• [WHAT YOU NEED TO DO]: Whenever a line in the entries below contains the string "Hinj", copy that line.

——————————

Lemma kcomp_conv X Y Z (f1 f2 : X -> Y -> R) (g : Y -> Z -> R) (l : {i01 R}) :
  kcomp ((f1 : convex_lmodType (X -> Y -> R)) <| l |> f2) g =
  (kcomp f1 g : convex_lmodType (X -> Z -> R)) <| l |> kcomp f2 g.
Proof.
apply/funext => x; apply/funext => z; rewrite conv_app2 /kcomp.
by rewrite !mulr_sumr -big_split /=; apply: eq_bigr => y _; rewrite conv_app2; ring.
Qed.

Lemma continuous_kcomp X Y Z (g : Y -> Z -> R) :
  continuous (fun f : X -> Y -> R => kcomp f g).
Proof.
apply: (@continuous_into_prod _ X (fun _ => Z -> R)) => x.
apply: (@continuous_into_prod _ Z (fun _ => R)) => z.
apply: continuous_sum => y f.
apply: cvgMr_tmp; first exact: nbhs_filter.
exact: (continuous_comp (@proj_continuous _ _ x f) (@proj_continuous _ _ y (f x))).
Qed.

Lemma compact_experiments X Y (S : set (X -> Y -> R)) :
  closed S -> (forall f, S f -> is_experiment f) -> compact S.
Proof.
move=> cS hS.
pose cube := [set f : X -> Y -> R | forall x y, `[(0:R), 1]%classic (f x y)].
have -> : S = cube `&` S.
  apply/seteqP; split => [f Sf|f [] //]; split => // x y.
  rewrite /= in_itv /= (hS _ Sf x).1 -(hS _ Sf x).2 (bigD1 y) //= lerDl.
  by apply: sumr_ge0 => *; exact: (hS _ Sf x).1.
apply: compact_closedI cS.
apply: (@tychonoff X (fun _ => Y -> R) (fun _ => [set g | forall y, _ (g y)])) => _.
apply: (@tychonoff Y (fun _ => R) (fun _ => `[(0:R), 1]%classic)) => _.
exact: segment_compact.
Qed.

Lemma hausdorff_kernels X Y : hausdorff_space (X -> Y -> R).
Proof. by apply: hausdorff_product => _; apply: hausdorff_product => _; exact: Rhausdorff. Qed.

Lemma closed_kcomp_image X Y Z (S : set (X -> Y -> R)) (g : Y -> Z -> R) :
  closed S -> (forall f, S f -> is_experiment f) ->
  closed [set kcomp f g | f in S].
Proof.
move=> cS hS; apply: compact_closed; first exact: hausdorff_kernels.
apply: continuous_compact; last exact: compact_experiments.
by apply: continuous_subspaceT; exact: continuous_kcomp.
Qed.

End Kernels.

Section Payoffs.
Variables (R : realType) (Om A : finType).
Implicit Types (u : A -> Om -> R) (p : Om -> R) (M : finType).

Lemma u_pE u p M (s : Om -> M -> R) (t : M -> A -> R) :
  u_p u p s t = \sum_(w : Om) \sum_(a : A) p w * kcomp s t w a * u a w.
Proof.
apply: eq_bigr => w _; rewrite exchange_big /=; apply: eq_bigr => a _.
by rewrite /kcomp mulr_sumr mulr_suml; apply: eq_bigr => m _; rewrite !mulrA.
Qed.

Lemma u_p_kcomp u p M M' (s : Om -> M -> R) (t : M -> M' -> R) (t' : M' -> A -> R) :
  u_p u p (kcomp s t) t' = u_p u p s (kcomp t t').
Proof. by rewrite !u_pE kcompA. Qed.

Section Bounds.
Variables (p : Om -> R) (M : finType) (s : Om -> M -> R) (t : M -> A -> R).
Hypotheses (hp : is_dist p) (hs : is_experiment s) (ht : is_strategy t).

Lemma u_p_cst (c : R) : u_p (fun _ _ => c) p s t = c.
Proof.
rewrite -[RHS]mul1r -hp.2 mulr_suml; apply: eq_bigr => w _.
transitivity (\sum_(m : M) p w * s w m * c).
  by apply: eq_bigr => m _; rewrite -mulr_suml -mulr_sumr (ht m).2 mulr1.
by rewrite -mulr_suml -mulr_sumr (hs w).2 mulr1.
Qed.
Lemma Bsum_eq_sum1 al k M x : Bsum al k M x = sum1 (fun n =>
  sin (PI * INR n * dist_int (IZR (cf_q al k) * al) / IZR (cf_q al k)) *
  cot (PI * (INR n * (-1) ^ k * IZR (cf_p al k) + x) / IZR (cf_q al k))) M.
Proof. induction M as [|M IH]; simpl; [reflexivity|]. rewrite IH. reflexivity. Qed.

Lemma B_eq_sum_bterm_of_residues al k M x (r : nat -> nat) (t : nat -> Z) :
  irrational al -> (1 <= k)%nat -> -1 < x -> x + INR M * cf_err al k < 1 ->
  (forall n, (1 <= n <= M)%nat ->
     1 <= INR (r n) <= IZR (cf_q al k) - 1 /\
     INR n * (-1) ^ k * IZR (cf_p al k) = IZR (cf_q al k) * IZR (t n) + INR (r n)) ->
  B al k M x = sum1 (fun n => bterm (PI * (INR (r n) + x) / IZR (cf_q al k))
                                   (PI * (INR n * cf_err al k) / IZR (cf_q al k))) M.
Proof.
  intros Hirr Hk Hx HxM Hr.
  pose proof (cf_q_ge_1 al Hirr k) as Hq. pose proof (cf_err_pos al Hirr k) as Hd.
  pose proof (cf_q_mul_sub_p al Hirr k) as Hal.
  set (q := IZR (cf_q al k)) in *. set (p := IZR (cf_p al k)) in *.
  set (d := cf_err al k) in *. set (s := (-1) ^ k) in *.
  assert (Hs : s = 1 \/ s = -1) by apply pow_m1_cases.
  assert (Hq0 : q <> 0) by (apply Rgt_not_eq; lra).
  assert (Hterm : forall n, (1 <= n <= M)%nat ->
    let v := PI * (INR (r n) + x) / q in let h := PI * (INR n * d) / q in
    0 < sin v /\ 0 < sin (v + h) /\
    Rabs (2 * sin (PI * (INR n * al + s * x / q))) = 2 * Rabs (sin (v + h)) /\
    Rabs (2 * sin (PI * (INR n * (p / q) + s * x / q))) = 2 * Rabs (sin v)).
  { intros n Hn v h. destruct (Hr n Hn) as [Hrn Hnt].
    assert (Hnd : 0 <= INR n * d <= INR M * d).
    { pose proof (le_INR n M ltac:(lia)). pose proof (pos_INR n). split; nra. }
    destruct (sin_residue_pos q (INR (r n)) x (INR n * d)) as [Hv Hvh]; try lra.
    repeat split; auto.
    - apply (Rabs_2_sin_reduce al p q d s x (INR n) (INR (r n)) (t n)); auto.
    - rewrite (Rabs_2_sin_reduce (p / q) p q 0 s x (INR n) (INR (r n)) (t n)); auto.
      + unfold v. do 3 f_equal. field. auto.
      + field. auto. }
  unfold B. fold q p s.
  rewrite (ln_Pprod_ratio M al (p / q) (s * x / q)
    (fun n => sin (PI * (INR (r n) + x) / q + PI * (INR n * d) / q) / sin (PI * (INR (r n) + x) / q))).
  2:{ intros n Hn. destruct (Hterm n Hn) as (Hv & Hvh & E1 & E2).
      split; [apply Rdiv_lt_0_compat; lra|]. split.
      - intro E. rewrite E, Rmult_0_r, Rabs_R0, Rabs_right in E2; lra.
      - rewrite E1, E2, !Rabs_right by lra. field. lra. }
  rewrite Bsum_eq_sum1, <- sum1_sub. apply sum1_ext. intros n Hn.
  destruct (Hr n Hn) as [_ Hnt]. unfold bterm. f_equal. f_equal.
  - rewrite dist_int_cf_q by auto. fold q d. f_equal. lra.
  - apply (cot_reduce p q s x (INR n) (INR (r n)) (t n)); auto.
Qed.

Lemma INR_bounds_of_lt (m Q : nat) : (1 <= m < Q)%nat -> 1 <= INR m <= INR Q - 1.
Proof.
  intro H. pose proof (le_INR (S m) Q ltac:(lia)) as HS. rewrite S_INR in HS.
  split; [apply (le_INR 1); lia | lra].
Qed.

Lemma B_eq_sum_bterm al k M x :
  irrational al -> (1 <= k)%nat -> INR M < IZR (cf_q al k) ->
  -1 < x -> x + INR M * cf_err al k < 1 ->
  exists (Q : nat) (r : nat -> nat),
    INR Q = IZR (cf_q al k) /\
    (forall n, (1 <= n <= M)%nat -> (1 <= r n < Q)%nat) /\
    (forall n1 n2, (1 <= n1 <= M)%nat -> (1 <= n2 <= M)%nat -> r n1 = r n2 -> n1 = n2) /\
    B al k M x = sum1 (fun n => bterm (PI * (INR (r n) + x) / INR Q)
                                     (PI * (INR n * cf_err al k) / INR Q)) M.
Proof.
  intros Hirr Hk HM Hx HxM.
  destruct (cf_residues al k M HM) as (r & t & Hr & Hinj).
  pose proof (cf_q_ge_1 al Hirr k) as Hq.
  assert (HQ : INR (Z.to_nat (cf_q al k)) = IZR (cf_q al k))
    by (rewrite INR_IZR_INZ, Z2Nat.id; [reflexivity | apply le_IZR; lra]).
  exists (Z.to_nat (cf_q al k)), r. rewrite HQ.
  split; [reflexivity|]. split; [intros n Hn; apply Hr, Hn|]. split; [exact Hinj|].
  apply (B_eq_sum_bterm_of_residues al k M x r t); auto.
  intros n Hn. destruct (Hr n Hn) as [Hrn Hnt]. split; [|exact Hnt].
  rewrite <- HQ. apply INR_bounds_of_lt, Hrn.
Qed.

Lemma sin_add_div_sin v h : sin v <> 0 -> sin (v + h) / sin v = cos h + sin h * cot v.
Proof. intro Hv. rewrite sin_plus. unfold cot. field. auto. Qed.

(* [ln w <= w - 1] and [cos h <= 1]. *)
Lemma bterm_nonpos v h : 0 < sin v -> 0 < sin (v + h) -> bterm v h <= 0.
Proof.
  intros Hv Hvh. unfold bterm.
  pose proof (ln_le_sub_1 _ (Rdiv_lt_0_compat _ _ Hvh Hv)) as H.
  rewrite sin_add_div_sin in H at 2 by lra. pose proof (COS_bound h). lra.
Qed.

Lemma ln_sub_ge_sq w c : 0 < c < 1 -> c <= w -> - 4 * ln (4 / c) * (w - 1) ^ 2 <= ln w - (w - 1).
Proof.
  intros Hc Hcw. pose proof (ln_4_div_gt_1 c (proj1 Hc) (proj2 Hc)) as HL.
  destruct (Rle_lt_dec (/ 2) w) as [Hw|Hw].
  - pose proof (ln_ge_1_sub_inv w ltac:(lra)).
    assert (1 - / w >= (w - 1) - 2 * (w - 1) ^ 2).
    { apply Rle_ge, (Rmult_le_reg_r w); [lra|].
      replace ((1 - / w) * w) with (w - 1) by (field; lra).
      pose proof (Rmult_le_pos ((w - 1) ^ 2) (2 * w - 1) (pow2_ge_0 _) ltac:(lra)). nra. }
    pose proof (Rmult_le_pos ((w - 1) ^ 2) (4 * ln (4 / c) - 2) (pow2_ge_0 _) ltac:(lra)).
    nra.
  - assert (ln c <= ln w).
    { destruct (Req_dec c w) as [->|]; [lra|]. apply Rlt_le, ln_increasing; lra. }
    assert (ln (4 / c) = ln 4 - ln c).
    { unfold Rdiv. rewrite ln_mult, ln_Rinv; try lra. apply Rinv_0_lt_compat; lra. }
    assert (0 < ln 4) by (rewrite <- ln_1; apply ln_increasing; lra).
    assert (1 <= 4 * (w - 1) ^ 2) by nra.
    pose proof (Rmult_le_pos (ln (4 / c)) (4 * (w - 1) ^ 2 - 1) ltac:(lra) ltac:(lra)).
    nra.
Qed.

Lemma sq_sin_mul_cot_le h v : sin v <> 0 -> (sin h * cot v) ^ 2 <= h ^ 2 / sin v ^ 2.
Proof.
  intro Hv. unfold cot.
  assert (Hh : sin h ^ 2 <= h ^ 2).
  { rewrite <- (pow2_abs (sin h)), <- (pow2_abs h). apply pow_incr.
    split; [apply Rabs_pos | apply Rabs_sin_le]. }
  assert (Hc : cos v ^ 2 <= 1) by (pose proof (COS_bound v); nra).
  assert (Hs : 0 < sin v ^ 2) by (rewrite <- Rsqr_pow2; apply Rsqr_pos_lt; auto).
  replace ((sin h * (cos v / sin v)) ^ 2) with (sin h ^ 2 * cos v ^ 2 / sin v ^ 2)
    by (field; auto).
  unfold Rdiv. apply Rmult_le_compat_r; [left; apply Rinv_0_lt_compat; auto|].
  pose proof (pow2_ge_0 (sin h)). pose proof (pow2_ge_0 (cos v)). nra.
Qed.

(* Write [w = sin (v + h) / sin v = cos h + u]; then [bterm v h = (ln w - (w - 1)) - (1 - cos h)]
   and [(w - 1)^2 <= 2 u^2 + 2 (1 - cos h)^2]. *)
Lemma bterm_lower v h c eta :
  0 < c < 1 -> 0 <= h <= eta -> eta <= PI -> 0 < sin v -> c <= sin (v + h) / sin v ->
  - ln (4 / c) * (33 * eta ^ 2 + 8 * eta ^ 2 / sin v ^ 2) <= bterm v h.
Proof.
  intros Hc Hh Heta Hv Hw. unfold bterm.
  set (w := sin (v + h) / sin v) in *. set (u := sin h * cot v).
  set (L := ln (4 / c)).
  assert (Hwu : w = cos h + u) by (apply sin_add_div_sin; lra).
  pose proof (ln_4_div_gt_1 c (proj1 Hc) (proj2 Hc)) as HL. fold L in HL.
  pose proof (ln_sub_ge_sq w c Hc Hw) as Hln. fold L in Hln.
  pose proof (one_sub_cos_le h) as Hcos. pose proof (COS_bound h).
  pose proof PI_4 as Hpi.
  assert (Hsv : 0 < sin v ^ 2) by (apply pow_lt; lra).
  assert (Hu : u ^ 2 <= eta ^ 2 / sin v ^ 2).
  { apply (Rle_trans _ (h ^ 2 / sin v ^ 2)); [apply sq_sin_mul_cot_le; lra|].
    unfold Rdiv. apply Rmult_le_compat_r; [left; apply Rinv_0_lt_compat; auto|].
    apply pow_incr. lra. }
  assert (Hw1 : (w - 1) ^ 2 <= 2 * u ^ 2 + h ^ 4 / 2).
  { assert ((1 - cos h) ^ 2 <= (h ^ 2 / 2) ^ 2) by (apply pow_incr; lra).
    pose proof (pow2_ge_0 (u + (1 - cos h))). rewrite Hwu. nra. }
  assert (Hh4 : h ^ 4 <= 16 * eta ^ 2).
  { assert (h ^ 2 <= eta ^ 2) by (apply pow_incr; lra).
    assert (h ^ 2 <= 16) by (replace 16 with (4 ^ 2) by ring; apply pow_incr; lra).
    pose proof (pow2_ge_0 h). nra. }
  assert (Hh2 : h ^ 2 <= eta ^ 2) by (apply pow_incr; lra).
  assert (4 * L * (w - 1) ^ 2 <= L * (32 * eta ^ 2 + 8 * (eta ^ 2 / sin v ^ 2)))
    by (apply (Rle_trans _ (4 * L * (2 * u ^ 2 + h ^ 4 / 2))); nra).
  assert (h ^ 2 / 2 <= L * eta ^ 2) by nra.
  unfold Rdiv in *. nra.
Qed.

(* Reflect through [PI] and use that [sin t / t] is non-increasing. *)
Lemma sin_add_div_sin_ge q m x s :
  1 <= m -> m <= q - 1 -> -1 < x -> 0 <= s -> x + s < 1 ->
  1 - s / (1 - x) <= sin (PI * (m + x) / q + PI * s / q) / sin (PI * (m + x) / q).
Proof.
  intros Hm Hmq Hx Hs Hxs. pose proof PI_RGT_0 as Hpi.
  set (a := PI * (q - m - x - s) / q). set (b := PI * (q - m - x) / q).
  assert (Ea : sin a = sin (PI * (m + x) / q + PI * s / q))
    by (rewrite <- sin_PI_x; f_equal; unfold a; field; lra).
  assert (Eb : sin b = sin (PI * (m + x) / q)) by (rewrite <- sin_PI_x; f_equal; unfold b; field; lra).
  assert (Ha : 0 < a) by (unfold a; apply Rdiv_lt_0_compat; nra).
  assert (Hab : a <= b).
  { unfold a, b, Rdiv. apply Rmult_le_compat_r; [left; apply Rinv_0_lt_compat|]; nra. }
  assert (Hb : b <= PI).
  { unfold b. apply (Rmult_le_reg_r q); [lra|]. unfold Rdiv. rewrite Rmult_assoc, Rinv_l; nra. }
  pose proof (mul_sin_le_mul_sin a b Ha Hab Hb) as Hsin. rewrite Ea, Eb in Hsin.
  assert (Hsb : 0 < sin (PI * (m + x) / q)) by (apply sin_PI_mul_div_pos; lra).
  assert (Hratio : a / b <= sin (PI * (m + x) / q + PI * s / q) / sin (PI * (m + x) / q)).
  { apply (Rmult_le_reg_r (sin (PI * (m + x) / q) * b)); [nra|].
    unfold Rdiv. field_simplify; lra. }
  assert (a / b = 1 - s / (q - m - x)) by (unfold a, b; field; split; lra).
  assert (s / (q - m - x) <= s / (1 - x)).
  { unfold Rdiv. apply Rmult_le_compat_l; auto. apply Rinv_le_contravar; lra. }
  lra.
Qed.
(* Let $\mathbb W$, $\mathbb W_i$ and $C$ be as in the context. An automorphism $\theta\in\operatorname{Aut}(\mathbb W)$ lies in $C$ if and only if $\theta(\mathbb W_i)=\mathbb W_i$ for every $2\le i\le n$.
   Context: Fix an integer $n\ge 3$, pairwise distinct odd integers $m_1,\dots,m_l\ge 3$ and positive integers $k_1,\dots,k_l$ with $k_1+\cdots+k_l=n-1$. Partition $\{2,\dots,n\}$ into consecutive blocks $A_1=\{2,\dots,k_1+1\}$, $A_2=\{k_1+2,\dots,k_1+k_2+1\}$, …, $A_l$ (of sizes $k_1,\dots,k_l$), and put $t_i=m_j$ for $i\in A_j$. The star group is $\mathbb W=\langle w_1,\dots,w_n\mid w_j^2=1\ (1\le j\le n),\ (w_1w_i)^{t_i}=1\ (2\le i\le n)\rangle$. For $2\le i\le n$ let $\mathbb W_i=\langle w_1,w_i\rangle$ (dihedral of order $2t_i$). For $2\le i\le n$ and $1\le k<t_i$ with $\gcd(k,t_i)=1$, $\theta_i^k$ is the automorphism of $\mathbb W$ with $\theta_i^k(w_j)=w_j$ for $j\ne i$ and $\theta_i^k(w_i)=w_1(w_1w_i)^k$. Let $C_i=\langle\theta_i^k : 1\le k<t_i,\ \gcd(k,t_i)=1\rangle\cong \operatorname{U}_{t_i}$ (the unit group of $\mathbb Z/t_i\mathbb Z$) and $C=C_2\times C_3\times\cdots\times C_n\le\operatorname{Aut}(\mathbb W)$, an abelian subgroup isomorphic to $\prod_{j=1}^l(\operatorname{U}_{m_j})^{k_j}$. *)

(* The star Coxeter group W is modelled concretely
   by its presentation: elements are words over the generators, and equality
   in W is the congruence [eqW] generated by the defining relations.
   Letter a : 'I_n stands for the generator w_(a+1); so w_1 is the letter
   with value 0 and w_i (2 <= i <= n) is the letter with value i-1. *)
From mathcomp Require Import all_boot.
Set Implicit Arguments. Unset Strict Implicit. Unset Printing Implicit Defensive.

Section Star.
Variable n : nat.
Notation word := (seq 'I_n).

(* (t_2, ..., t_n) : block j consists of k_j copies of m_j *)
Definition tseq (ms ks : seq nat) : seq nat :=
  flatten [seq nseq p.2 p.1 | p <- zip ms ks].

(* t attached to the letter a (meaningful for val a >= 1, i.e. w_(a+1), a+1>=2) *)
Definition tlet (ts : seq nat) (a : 'I_n) : nat := nth 0 ts (val a).-1.

Inductive eqW (ts : seq nat) : word -> word -> Prop :=
| eqW_refl s : eqW ts s s
| eqW_sym s u : eqW ts s u -> eqW ts u s
| eqW_trans s u v : eqW ts s u -> eqW ts u v -> eqW ts s v
| eqW_ctx x y s u : eqW ts s u -> eqW ts (x ++ s ++ y) (x ++ u ++ y)
| eqW_invol a : eqW ts [:: a; a] [::]
| eqW_braid b a : val b = 0 -> 0 < val a ->
    eqW ts (flatten (nseq (tlet ts a) [:: b; a])) [::].

Definition is_hom (ts : seq nat) (f : word -> word) : Prop :=
  (forall s u, eqW ts s u -> eqW ts (f s) (f u)) /\
  (forall s u, eqW ts (f (s ++ u)) (f s ++ f u)).

Definition is_aut (ts : seq nat) (f : word -> word) : Prop :=
  is_hom ts f /\
  exists g, is_hom ts g /\
    (forall s, eqW ts (g (f s)) s) /\ (forall s, eqW ts (f (g s)) s).

(* the automorphism theta_i^k (a = letter of w_i, b = letter of w_1):
   w_i |-> w_1 (w_1 w_i)^k, other generators fixed *)
Definition theta (b a : 'I_n) (k : nat) (s : word) : word :=
  flatten [seq (if c == a then b :: flatten (nseq k [:: b; a]) else [:: c]) | c <- s].

(* C = subgroup of Aut(W) generated by all theta_i^k, 2<=i<=n, 1<=k<t_i,
   gcd(k,t_i)=1; automorphisms are identified up to eqW pointwise *)
Inductive inC (ts : seq nat) : (word -> word) -> Prop :=
| inC_id f : (forall s, eqW ts (f s) s) -> inC ts f
| inC_gen b a k f : val b = 0 -> 0 < val a -> 1 <= k < tlet ts a ->
    coprime k (tlet ts a) ->
    (forall s, eqW ts (f s) (theta b a k s)) -> inC ts f
| inC_comp f g h : inC ts f -> inC ts g ->
    (forall s, eqW ts (h s) (f (g s))) -> inC ts h
| inC_inv f g : inC ts f -> is_hom ts g ->
    (forall s, eqW ts (g (f s)) s) -> inC ts g.
(* Let $C\subseteq\mathbb{C}$ be a subring, $D>0$, and let $F(A;X)=\big(\sum_i|f_i(A;X)|^2\big)^{\varepsilon/2}$ be an absolute polynomial power in $A=(A_1,\dots,A_m)$, $X=(X_1,\dots,X_n)$, with finitely many $f_i\in C[A,X]$ of degree at most $D$ and $\varepsilon\ge0$ rational. Assume $F$ is symmetric in $X$: $F(A;X_{\pi(1)},\dots,X_{\pi(n)})=F(A;X)$ for all permutations $\pi\in S_n$ (as functions on $\mathbb{C}^{m+n}$). Then there is an absolute polynomial power $\tilde F(A;\Sigma)$ in $A$ and $\Sigma=(\Sigma_1,\dots,\Sigma_n)$ with coefficients in $C$ such that $F(A;X)\sim\tilde F(A;\sigma_1(X),\dots,\sigma_n(X))$ on $\mathbb{C}^{m+n}$, with implied constants depending only on $\varepsilon$, $D$, $n$ and the number of terms of $F$.
   Context: An absolute polynomial power with coefficients in $C$ is an expression $(\sum_i|P_i|^2)^{\varepsilon/2}$ with finitely many polynomials $P_i$ with coefficients in $C$ and $\varepsilon\ge0$ rational. The elementary symmetric polynomials $\sigma_j\in\mathbb{Z}[X_1,\dots,X_n]$ are defined by $\prod_{i=1}^n(T+X_i)=T^n+\sum_{j=1}^n\sigma_jT^{n-j}$. $\sim$ means each side is bounded by a positive constant times the other. *)

From HB Require Import structures.
From mathcomp Require Import all_boot all_order all_algebra all_fingroup.
From mathcomp Require Import mpoly.
From mathcomp Require Import all_classical all_reals all_analysis.
From mathcomp Require Import complex.
Set Implicit Arguments. Unset Strict Implicit. Unset Printing Implicit Defensive.
Import Order.TTheory GRing.Theory Num.Theory.
Local Open Scope ring_scope.
(* The index condition defining I: there are integers 0 <= p < q <= n+1 with
   u(F) = {1..p} and l(F) = {q..n} (1-based coordinates; coordinate j : 'I_n
   is the (j+1)-th). *)
Definition in_I (n : nat) (a b : R) (F : 'cV[R]_n -> Prop) : Prop :=
  exists p q : nat, (p < q)%N /\ (q <= n.+1)%N /\
    (forall j : 'I_n, uset b F j <-> (j.+1 <= p)%N) /\
    (forall j : 'I_n, lset a F j <-> (q <= j.+1)%N).

Definition sorted_desc (n : nat) (x : 'cV[R]_n) : seq R :=
  sort (fun s t : R => t <= s) [seq x i 0 | i <- enum 'I_n].

Definition topsum (n : nat) (x : 'cV[R]_n) (j : nat) : R :=
  \sum_(i < j) nth 0 (sorted_desc x) i.

Definition majorizes (n : nat) (x y : 'cV[R]_n) : Prop :=
  (forall j : nat, (j < n)%N -> topsum y j <= topsum x j) /\
  topsum x n = topsum y n.

Definition nonincreasing_vec (n : nat) (u : 'cV[R]_n) : Prop :=
  forall i j : 'I_n, (i <= j)%N -> u j 0 <= u i 0.

End Defs.

From HB Require Import structures.
From mathcomp Require Import all_boot all_order all_algebra all_fingroup.
From Stdlib Require Import ClassicalDescription.
From mathcomp Require Import ring lra zify.
Set Implicit Arguments. Unset Strict Implicit. Unset Printing Implicit Defensive.
Import Order.TTheory GRing.Theory Num.Theory.
Local Open Scope ring_scope.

——————————

• [SOLVED EXERCISE]:
  destruct (cf_residues al k M HM) as (r & t & Hr & Hinj).
  split; [reflexivity|]. split; [intros n Hn; apply Hr, Hn|]. split; [exact Hinj|].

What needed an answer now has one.